OM, Handle FoR the DiviNe

When we try to think of God or the Divine Being, we have only the mind to think with. The mind is our instrument, our creature; before we can succeed, we have to find out what its nature is. Among other things, our mind lives for sense impressions, concrete realities. That is what makes it comfortable. If you give it a concept like Immortality, it grows restless and uneasy. Give it Love, and it is restless even there: It tries to think of love and immediately turns to a sense object, something specific. We tell it to think of Glory and it can’t—it again identifies with the familiar.     

So it’s clear that if you want to think of anything—not only these abstractions but anything at all—you need a name or a word to think with. That is the mind’s nature. We have to give it a word or a name before it can have a thought; it needs to know what to think to begin with, and to be able to think. Every thought in the world has a corresponding word or name that announces it to the mind.
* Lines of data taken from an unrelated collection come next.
Theorem theorem3 (L : Type) (nil : L) (D : Type) (defs : nat -> pdef D)
  (P P' E C F H : nat) (xi : list var) (G1 G2 : nat) :
  syn_compositional defs P E C F H xi ->
  syn_compositional defs P' E C F H xi ->
  stronger nil defs P' P F H xi ->
  entails nil defs
    (FPred P' (map var_arg (comp_params E C F H xi)))
    (FPred P (map var_arg (comp_params E C F H xi)))
  /\
  (G1 <> F -> G2 <> H ->
   entails nil defs
     (FEx (LV F) (FEx (DV H)
        (FStar (FPred P' (map var_arg (comp_params E C F H xi)))
               (FPred P (map var_arg (comp_params F H G1 G2 xi))))))
     (FPred P (map var_arg (comp_params E C G1 G2 xi)))).
Proof.
  intros HP HP' Hstr. split.
  - intros s h _ Hm. exact (psem_stronger nil defs HP HP' Hstr _ _ Hm).
  - intros HG1 HG2 s h _ (l & d & h1 & h2 & Hd & He & H1 & H2).
    change (updD (updL s F l) H d) with (upd_hole s F H l d) in H1, H2.
    destruct (comp_params_NoDup_inv (proj1 (proj2 HP))) as (HEF & HCH & HFxi & HHxi).
    cbn [sat models] in H1, H2 |- *. rewrite map_eval_arg_var in H1, H2 |- *.
    apply (psem_stronger nil defs HP HP' Hstr) in H1.
    rewrite eval_params_upd_hole in H1 by auto.
    unfold comp_params in H2; simpl in H2.
    rewrite (proj2 (Nat.eqb_neq G1 F) HG1), (proj2 (Nat.eqb_neq G2 H) HG2), !Nat.eqb_refl,
      map_eval_var_upd_hole in H2 by auto.
    rewrite (heap_ext He).
    exact (psem_compose nil defs HP _ _ H1 _ _ h2 Hd H2).
Qed.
When we want to think of God, the mind wanders in a void. It thinks of the sky perhaps, but even that is something definite—blue, somewhat tangible. We need a name for God, or a word. We can’t think of the Absolute itself: we need something to give the mind some support to hold onto. As we have seen, if you tell the mind to think of Love, it gets restless, but if you think of some aspect of Love or some loving person—an image or symbol—immediately it feels more comfortable. Therefore we give it what it needs.

There are many visual symbols for the Divine. Christ is one; he is a vehicle towards Brahman, a channel towards the Absolute. He did not point to himself, but beyond. Buddha, also, said, Don’t glorify me; tread the path that I have trodden, and you can experience what I have.
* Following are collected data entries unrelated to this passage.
(* Let $p\ge5$ be a prime. Then $H^1(\mathrm{Sym}(p),X_{\{2\}})=0$, and $H^1(\mathrm{Sym}(p),D_{\{q\}})=0$ for every odd prime $q$.
   Context: $\mathrm{Sym}(p)$ is identified with the group of $p\times p$ permutation matrices (via $\alpha\mapsto[\delta_{i\alpha,j}]_{i,j}$) and acts by conjugation on the group $\mathrm{D}(p,\mathbb{C})$ of invertible diagonal matrices. $D$ is the torsion subgroup of $\mathrm{D}(p,\mathbb{C})$ and $D_{\{q\}}$ its subgroup of elements of $q$-power order; $X=\mathrm{SL}(p,\mathbb{C})\cap\mathrm{D}(p,\mathbb{C})$ and $X_{\{2\}}$ is its subgroup of elements of $2$-power order. These are regarded as $\mathrm{Sym}(p)$-modules. *)

(* Complex numbers are modelled by algC (algebraic complex
   numbers): every torsion element of C^* is a root of unity, hence lies in
   algC, so the torsion modules D_{q}, X_{2} are literally the same. *)
From mathcomp Require Import all_boot all_order all_algebra all_fingroup all_field.
Set Implicit Arguments. Unset Strict Implicit. Unset Printing Implicit Defensive.
Import GRing.Theory.
Local Open Scope ring_scope.

(* Sym(p) = 'S_p acts on p x p matrices via the permutation matrices
   perm_mx s (entry (i,j) = [s i == j] = delta_{i alpha, j}), by (right)
   conjugation  x^s = P_s^{-1} x P_s. *)
Definition conjP (p : nat) (s : 'S_p) (x : 'M[algC]_p) : 'M[algC]_p :=
  invmx (perm_mx s) *m x *m perm_mx s.

Definition Dq (p q : nat) (x : 'M[algC]_p) : Prop :=
  is_diag_mx x /\ exists k : nat, forall i : 'I_p, x i i ^+ (q ^ k) = 1.

Definition X2 (p : nat) (x : 'M[algC]_p) : Prop :=
  is_diag_mx x /\ \det x = 1 /\ exists k : nat, forall i : 'I_p, x i i ^+ (2 ^ k) = 1.

Definition cocycle (p : nat) (M : 'M[algC]_p -> Prop) (f : 'S_p -> 'M[algC]_p) : Prop :=
  (forall g, M (f g)) /\ forall g h, f (g * h)%g = conjP h (f g) *m f h.

Definition coboundary (p : nat) (M : 'M[algC]_p -> Prop) (f : 'S_p -> 'M[algC]_p) : Prop :=
  exists2 m, M m & forall g, f g = invmx m *m conjP g m.

Definition H1_trivial (p : nat) (M : 'M[algC]_p -> Prop) : Prop :=
  forall f : 'S_p -> 'M[algC]_p, cocycle M f -> coboundary M f.

(* The diagonal entries of a cocycle f form a cocycle F g i := f g i i for the
   permutation action of Sym(p) on (C^* )^p.  This module is induced from the
   stabiliser of a point z, on which g |-> F g z is a homomorphism; if it kills
   the transpositions, then F is the coboundary of m j := F (tperm z j) z.
   For q odd, F (tperm a b) z has order dividing both 2 and a power of q, so it
   is 1.  For 2-power orders, the homomorphism is eps^sign for a sign eps; the
   cocycle twisted by eps^sign is then a coboundary, so the product of its
   coordinates is 1, while det f = 1 makes that product eps^p: hence eps = 1 as
   p is odd.  Finally m is rescaled by a 2-power root of unity c with
   c^p = (prod m)^-1, which exists since p is odd, to land in SL(p). *)

From mathcomp Require Import all_boot all_order all_algebra all_fingroup all_field.
Set Implicit Arguments. Unset Strict Implicit. Unset Printing Implicit Defensive.
Import GRing.Theory.
Local Open Scope ring_scope.

Definition perm_cocycle (T : finType) (R : pzRingType) (F : {perm T} -> T -> R) :=
  forall g h i, F (g * h)%g i = F g ((h^-1)%g i) * F h i.

Section PermCocycle.

Variables (T : finType) (R : idomainType) (F : {perm T} -> T -> R).
Hypotheses (F_coc : perm_cocycle F) (F_neq0 : forall g i, F g i != 0).
Implicit Types (g h : {perm T}) (a b c d i j x y : T).

Lemma perm_cocycle1 i : F 1%g i = 1.
Proof.
have := F_coc 1%g 1%g i; rewrite mulg1 invg1 perm1 => F11.
by apply/(mulIf (F_neq0 1%g i)); rewrite mul1r -F11.
Qed.

Lemma perm_cocycle_tpermK a b i : F (tperm a b) (tperm a b i) * F (tperm a b) i = 1.
Proof.
by rewrite -[in X in F _ X]tpermV -F_coc tperm2 perm_cocycle1.
Qed.

Variable z : T.

Lemma perm_cocycleM_fix g h : h z = z -> F (g * h)%g z = F g z * F h z.
Proof. by move=> hz; rewrite F_coc -{1}hz permK. Qed.

Lemma perm_cocycleJ_fix g h : g z = z -> h z = z -> F (g ^ h)%g z = F g z.
Proof.
move=> gz hz; have hVz : (h^-1)%g z = z by rewrite -{1}hz permK.
rewrite /conjg !perm_cocycleM_fix ?permM ?gz //.
by rewrite mulrCA -perm_cocycleM_fix // mulVg perm_cocycle1 mulr1.
Qed.

Lemma perm_cocycle_tperm_sqr_fix a b :
  a != z -> b != z -> F (tperm a b) z ^+ 2 = 1.
Proof.
move=> az bz; have tz : tperm a b z = z by rewrite tpermD // eq_sym.
by rewrite expr2 -perm_cocycleM_fix // tperm2 perm_cocycle1.
Qed.

Lemma perm_cocycle_tperm_fix_swap x y c : x != z -> y != z -> c != z ->
  x != c -> y != c -> F (tperm y c) z = F (tperm x c) z.
Proof.
move=> xz yz cz xc yc; rewrite -(@tpermJ_tperm _ x y c) //.
by apply: perm_cocycleJ_fix; rewrite tpermD // eq_sym.
Qed.

Lemma perm_cocycle_tperm_fix_const a b c d :
    a != z -> b != z -> c != z -> d != z -> a != b -> c != d ->
  F (tperm a b) z = F (tperm c d) z.
Proof.
move=> az bz cz dz ab cd; have [bc|bc] := eqVneq b c.
  rewrite -{}bc in cz cd *; rewrite (tpermC b d).
  by apply: perm_cocycle_tperm_fix_swap; rewrite // eq_sym.
have cb : c != b by rewrite eq_sym.
have dc : d != c by rewrite eq_sym.
rewrite (@perm_cocycle_tperm_fix_swap c) // (tpermC c b) (tpermC c d).
exact: perm_cocycle_tperm_fix_swap.
Qed.

Section Coboundary.

Hypothesis F_tperm_fix : forall a b, a != z -> b != z -> F (tperm a b) z = 1.

Let m j := F (tperm z j) z.
Let cobounded g := forall i, F g i * m i = m ((g^-1)%g i).

Let m_base : m z = 1. Proof. by rewrite /m tperm1 perm_cocycle1. Qed.

Let cobounded1 : cobounded 1%g.
Proof. by move=> i; rewrite perm_cocycle1 mul1r invg1 perm1. Qed.

Let coboundedM g h : cobounded g -> cobounded h -> cobounded (g * h)%g.
Proof. by move=> Cg Ch i; rewrite F_coc -mulrA Ch Cg invMg permM. Qed.

Let cobounded_tperm_base b : cobounded (tperm z b).
Proof.
have [->|bz] := eqVneq b z; first by rewrite tperm1; exact: cobounded1.
move=> i; rewrite tpermV; have [->|iz] := eqVneq i z.
  by rewrite m_base mulr1 tpermL.
have [->|ib] := eqVneq i b.
  by rewrite tpermR m_base /m mulrC -[X in F _ X * _](tpermR z b) perm_cocycle_tpermK.
have zb : z != b by rewrite eq_sym.
have zi : z != i by rewrite eq_sym.
have bi : b != i by rewrite eq_sym.
rewrite tpermD //; suff -> : F (tperm z b) i = 1 by rewrite mul1r.
(* tperm z b is the conjugate of tperm i b by tperm i z; evaluate the cocycle at i. *)
rewrite -(tpermJ_tperm ib zb) /conjg !F_coc invMg permM !tpermV tpermL tpermD //.
by rewrite (F_tperm_fix iz bz) mul1r -[X in F _ X * _](tpermL i z) perm_cocycle_tpermK.
Qed.

Let cobounded_tperm a b : cobounded (tperm a b).
Proof.
have [->|az] := eqVneq a z; first exact: cobounded_tperm_base.
have [->|bz] := eqVneq b z; first by rewrite tpermC; exact: cobounded_tperm_base.
have [->|ab] := eqVneq a b; first by rewrite tperm1; exact: cobounded1.
have zb : z != b by rewrite eq_sym.
rewrite -(tpermJ_tperm zb ab) /conjg tpermV.
by do 2?apply: coboundedM; apply: cobounded_tperm_base.
Qed.

Lemma perm_cocycle_coboundary g i :
  F g i * F (tperm z i) z = F (tperm z ((g^-1)%g i)) z.
Proof.
have [ts -> _] := prod_tpermP g; move: i; elim: ts => [|t ts IH].
  by rewrite big_nil; exact: cobounded1.
by rewrite big_cons; apply: coboundedM => //; apply: cobounded_tperm.
Qed.

End Coboundary.
End PermCocycle.

Lemma sqr1_expr_odd (R : pzRingType) (x : R) n : x ^+ 2 = 1 -> x ^+ n = x ^+ odd n.
Proof.
by move=> x2; rewrite -[in LHS](odd_double_half n) exprD -mul2n exprM x2 expr1n mulr1.
Qed.

Lemma perm_cocycle_twist (T : finType) (R : comPzRingType) (F : {perm T} -> T -> R)
    (chi : {perm T} -> R) :
  perm_cocycle F -> {morph chi : g h / (g * h)%g >-> g * h} ->
  perm_cocycle (fun g i => chi g * F g i).
Proof. by move=> F_coc chiM g h i; rewrite F_coc chiM mulrACA. Qed.

Lemma prod_coboundary_eq1 (T : finType) (R : idomainType) (g : {perm T}) (u m : T -> R) :
  (forall i, m i != 0) -> (forall i, u i * m i = m ((g^-1)%g i)) -> \prod_i u i = 1.
Proof.
move=> m_neq0 um; have Pm_neq0 : \prod_i m i != 0 by apply/prodf_neq0.
apply: (mulIf Pm_neq0); rewrite mul1r -big_split (eq_bigr _ (fun i _ => um i)) /=.
by rewrite [RHS](reindex_inj (@perm_inj _ g^-1)).
Qed.

Lemma perm_cocycle_tperm_fix_eq1 (T : finType) (R : idomainType) (F : {perm T} -> T -> R)
    (z a b : T) :
  perm_cocycle F -> (forall g i, F g i != 0) -> odd #|T| -> a != z -> b != z ->
  \prod_i F (tperm a b) i = 1 -> F (tperm a b) z = 1.
Proof.
move=> F_coc F_neq0 T_odd az bz prodF.
have [<-|ab] := eqVneq a b; first by rewrite tperm1 perm_cocycle1.
set eps := F (tperm a b) z.
have eps2 : eps ^+ 2 = 1 by apply: perm_cocycle_tperm_sqr_fix.
(* Twisting by the character eps^sign kills the values at transpositions avoiding z. *)
pose G g i := eps ^+ odd_perm g * F g i.
have G_coc : perm_cocycle G.
  apply: perm_cocycle_twist => // g h.
  by rewrite odd_permM -exprD (sqr1_expr_odd (odd_perm g + odd_perm h)) // oddD !oddb.
have G_neq0 g i : G g i != 0 by rewrite mulf_neq0 // expf_neq0 // (F_neq0 (tperm a b)).
have G_fix c d : c != z -> d != z -> G (tperm c d) z = 1.
  move=> cz dz; have [<-|cd] := eqVneq c d.
    by rewrite /G tperm1 odd_perm1 mul1r perm_cocycle1.
  rewrite /G odd_tperm cd (perm_cocycle_tperm_fix_const F_coc F_neq0 cz dz az bz cd ab).
  by rewrite -expr2.
have : \prod_i G (tperm a b) i = 1.
  apply: (prod_coboundary_eq1 (m := fun j => G (tperm z j) z)) => // i.
  exact: perm_cocycle_coboundary.
rewrite big_split /= prodF mulr1 prodr_const odd_tperm ab expr1.
by rewrite (sqr1_expr_odd #|T|) // T_odd.
Qed.

Lemma uniform_unity_root_exponent (R : pzRingType) (I : finType) (x : I -> R) n :
  (forall i, exists k, x i ^+ (n ^ k) = 1) -> exists k, forall i, x i ^+ (n ^ k) = 1.
Proof.
case/fin_all_exists => k xk; exists (\sum_i k i)%N => i.
by rewrite (bigD1 i) //= expnD exprM xk expr1n.
Qed.

Lemma unity_root_neq0 (R : nzRingType) (x : R) n : (0 < n)%N -> x ^+ n = 1 -> x != 0.
Proof.
move=> n_gt0 xn; apply/eqP => x0; move: xn; rewrite x0 expr0n gtn_eqF //.
by move/eqP; rewrite eq_sym oner_eq0.
Qed.

Lemma coprime_unity_root_solve (R : pzRingType) (x : R) N n :
  (0 < N)%N -> coprime N n -> x ^+ N = 1 -> exists2 c : R, c ^+ N = 1 & c ^+ n * x = 1.
Proof.
move=> N_gt0 coNn xN; have [a _] := Bezoutl n N_gt0; rewrite (eqP coNn) => /dvdnP[w Ew].
exists (x ^+ a); first by rewrite -exprM mulnC exprM xN expr1n.
by rewrite -exprM -exprSr -add1n Ew mulnC exprM xN expr1n.
Qed.

Lemma invmx_perm_mx n (s : 'S_n) : invmx (perm_mx s : 'M[algC]_n) = perm_mx s^-1.
Proof.
by rewrite -[LHS]mulmx1 -perm_mx1 -(mulgV s) perm_mxM mulmxA mulVmx ?unitmx_perm ?mul1mx.
Qed.

Lemma conjPE p (g : 'S_p) (x : 'M[algC]_p) i j :
  conjP g x i j = x ((g^-1)%g i) ((g^-1)%g j).
Proof.
by rewrite /conjP invmx_perm_mx -row_permE -[g in perm_mx g]invgK -col_permE !mxE.
Qed.

Lemma diag_cocycle_perm_cocycle p (M : 'M[algC]_p -> Prop) (f : 'S_p -> 'M[algC]_p) :
  (forall x, M x -> is_diag_mx x) -> cocycle M f -> perm_cocycle (fun g i => f g i i).
Proof.
move=> M_diag [fM f_coc] g h i.
rewrite f_coc mxE (bigD1 i) //= conjPE big1 ?addr0 // => j ji.
by move/is_diag_mxP: (M_diag _ (fM h)) => ->; rewrite ?mulr0.
Qed.

Lemma diag_coboundary p (x : 'M[algC]_p) (g : 'S_p) (d : 'I_p -> algC) :
  is_diag_mx x -> (forall i, d i != 0) -> (forall i, x i i * d i = d ((g^-1)%g i)) ->
  x = invmx (diag_mx (\row_j d j)) *m conjP g (diag_mx (\row_j d j)).
Proof.
move=> x_diag d_neq0 xd; set D := diag_mx _.
have D_unit : D \in unitmx.
  by rewrite unitmxE det_diag unitfE; apply/prodf_neq0 => i _; rewrite mxE.
suff <- : D *m x = conjP g D by rewrite mulKmx.
apply/matrixP => i j; rewrite mul_diag_mx conjPE !mxE.
have [<-|ij] := eqVneq i j; first by rewrite eqxx mulr1n mulrC.
rewrite (inj_eq perm_inj) (negPf ij) mulr0n.
by move/is_diag_mxP: x_diag => ->; rewrite ?mulr0.
Qed.

Lemma Dq_diag p q (x : 'M[algC]_p) : Dq q x -> is_diag_mx x.
Proof. by case. Qed.

Lemma Dq_entry_neq0 p q (x : 'M[algC]_p) i : (0 < q)%N -> Dq q x -> x i i != 0.
Proof. by move=> q_gt0 [_ [k xk]]; apply: unity_root_neq0 (xk i); rewrite expn_gt0 q_gt0. Qed.

Lemma X2_Dq p (x : 'M[algC]_p) : X2 x -> Dq 2 x.
Proof. by case=> x_diag [_ x2]. Qed.

Lemma Dq_cocycle_coboundary p q (f : 'S_p -> 'M[algC]_p) (z : 'I_p) (c : algC) g :
    (0 < q)%N -> cocycle (@Dq p q) f -> c != 0 ->
    (forall a b, a != z -> b != z -> f (tperm a b) z z = 1) ->
  f g = invmx (diag_mx (\row_j (c * f (tperm z j) z z)))
          *m conjP g (diag_mx (\row_j (c * f (tperm z j) z z))).
Proof.
move=> q_gt0 f_coc c_neq0 f_fix; have [fD _] := f_coc.
have F_coc := diag_cocycle_perm_cocycle (@Dq_diag p q) f_coc.
have F_neq0 h i : f h i i != 0 by apply: Dq_entry_neq0 (fD h).
apply: diag_coboundary => [|i|i]; first by case: (fD g).
- by rewrite mulf_neq0.
- by rewrite mulrCA (perm_cocycle_coboundary F_coc F_neq0 f_fix).
Qed.

Lemma H1_Dq_trivial p q : (0 < p)%N -> prime q -> odd q -> H1_trivial (@Dq p q).
Proof.
move=> p_gt0 q_prime q_odd f f_coc; have [fD _] := f_coc.
have q_gt0 := prime_gt0 q_prime.
have F_coc := diag_cocycle_perm_cocycle (@Dq_diag p q) f_coc.
have F_neq0 g i : f g i i != 0 by apply: Dq_entry_neq0 (fD g).
pose z := Ordinal p_gt0.
have f_fix a b : a != z -> b != z -> f (tperm a b) z z = 1.
  move=> az bz; have [_ [k fk]] := fD (tperm a b).
  have := sqr1_expr_odd (q ^ k) (perm_cocycle_tperm_sqr_fix F_coc F_neq0 az bz).
  by rewrite fk oddX q_odd orbT expr1 => <-.
have [K fK] : exists K, forall j, f (tperm z j) z z ^+ (q ^ K) = 1.
  apply: uniform_unity_root_exponent => j.
  by have [_ [k fk]] := fD (tperm z j); exists k; exact: fk.
exists (diag_mx (\row_j (1 * f (tperm z j) z z))).
  by split; [exact: diag_mx_is_diag | exists K => i; rewrite !mxE eqxx mulr1n mul1r fK].
by move=> g; apply: Dq_cocycle_coboundary f_coc (oner_neq0 _) f_fix.
Qed.

Lemma H1_X2_trivial p : odd p -> H1_trivial (@X2 p).
Proof.
move=> p_odd f f_coc; have [fX _] := f_coc.
have f_coc2 : cocycle (@Dq p 2) f by split=> [g|]; [exact: X2_Dq | case: f_coc].
have F_coc := diag_cocycle_perm_cocycle (@Dq_diag p 2) f_coc2.
have F_neq0 g i : f g i i != 0 by apply: Dq_entry_neq0 (X2_Dq (fX g)).
pose z := Ordinal (odd_gt0 p_odd).
have f_fix a b : a != z -> b != z -> f (tperm a b) z z = 1.
  move=> az bz; apply: (perm_cocycle_tperm_fix_eq1 F_coc) => //; first by rewrite card_ord.
  have [f_diag [f_det _]] := fX (tperm a b).
  by rewrite -det_trig ?is_diag_mx_is_trig.
pose d j := f (tperm z j) z z.
have [K dK] : exists K, forall j, d j ^+ (2 ^ K) = 1.
  apply: uniform_unity_root_exponent => j.
  by have [_ [_ [k fk]]] := fX (tperm z j); exists k; exact: fk.
have [c cK c_det] : exists2 c : algC, c ^+ (2 ^ K) = 1 & c ^+ p * \prod_j d j = 1.
  apply: coprime_unity_root_solve; rewrite ?expn_gt0 ?coprimeXl ?coprime2n //.
  by rewrite -prodrXl; apply: big1 => j _; rewrite dK.
exists (diag_mx (\row_j (c * d j))).
  split; first exact: diag_mx_is_diag.
  split; last by exists K => i; rewrite !mxE eqxx mulr1n exprMn cK dK mulr1.
  rewrite det_diag (eq_bigr (fun j => c * d j)) => [|j _]; last by rewrite mxE.
  by rewrite big_split prodr_const card_ord.
move=> g; apply: Dq_cocycle_coboundary f_coc2 _ f_fix => //.
by apply: unity_root_neq0 cK; rewrite expn_gt0.
Qed.

Local Close Scope ring_scope.

Theorem lemma7p3 (p : nat) (hp : prime p) (hp5 : 5 <= p) :
  @H1_trivial p (@X2 p) /\
  (forall q : nat, prime q -> odd q -> @H1_trivial p (@Dq p q)).
Proof.
have [p2|p_odd] := even_prime hp; first by rewrite p2 in hp5.
split; first exact: H1_X2_trivial.
by move=> q q_prime q_odd; apply: H1_Dq_trivial; rewrite ?prime_gt0.
Qed.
With OM we’re concerned with another kind of symbol, the auditory….

OM is believed to be the sound of the creative power, of the Divine Will in action. OM is the sound of the Deity—at least, that which we can pronounce. Yogis are said to hear it in their meditation. Not only in Hindu and Buddhist traditions, but also in Christian traditions: Eastern Orthodoxy has had the sound HOM for centuries.

“Whosoever knows OM, the Self, becomes the Self,”* says the seer of the Mandukya Upanishad. OM can be viewed as a handle by which we seize hold of the thought of the Deity; without a handle it is difficult to open the door. OM is a mantra, a sacred or inspired sound that is repeated to evoke to the mind a sense of that reality we are seeking to know directly. It stands for the Beyond, the Reality within, the Divine. There are many other mantras as well. We may prefer to repeat the name of Buddha, or of Jesus, or Krishna, or of some other name that represents the Divine. Whatever is congenial to us we should use. But in lieu of some special partiality, many find OM acceptable because it symbolizes the Godhead in the most impersonal and universal way. 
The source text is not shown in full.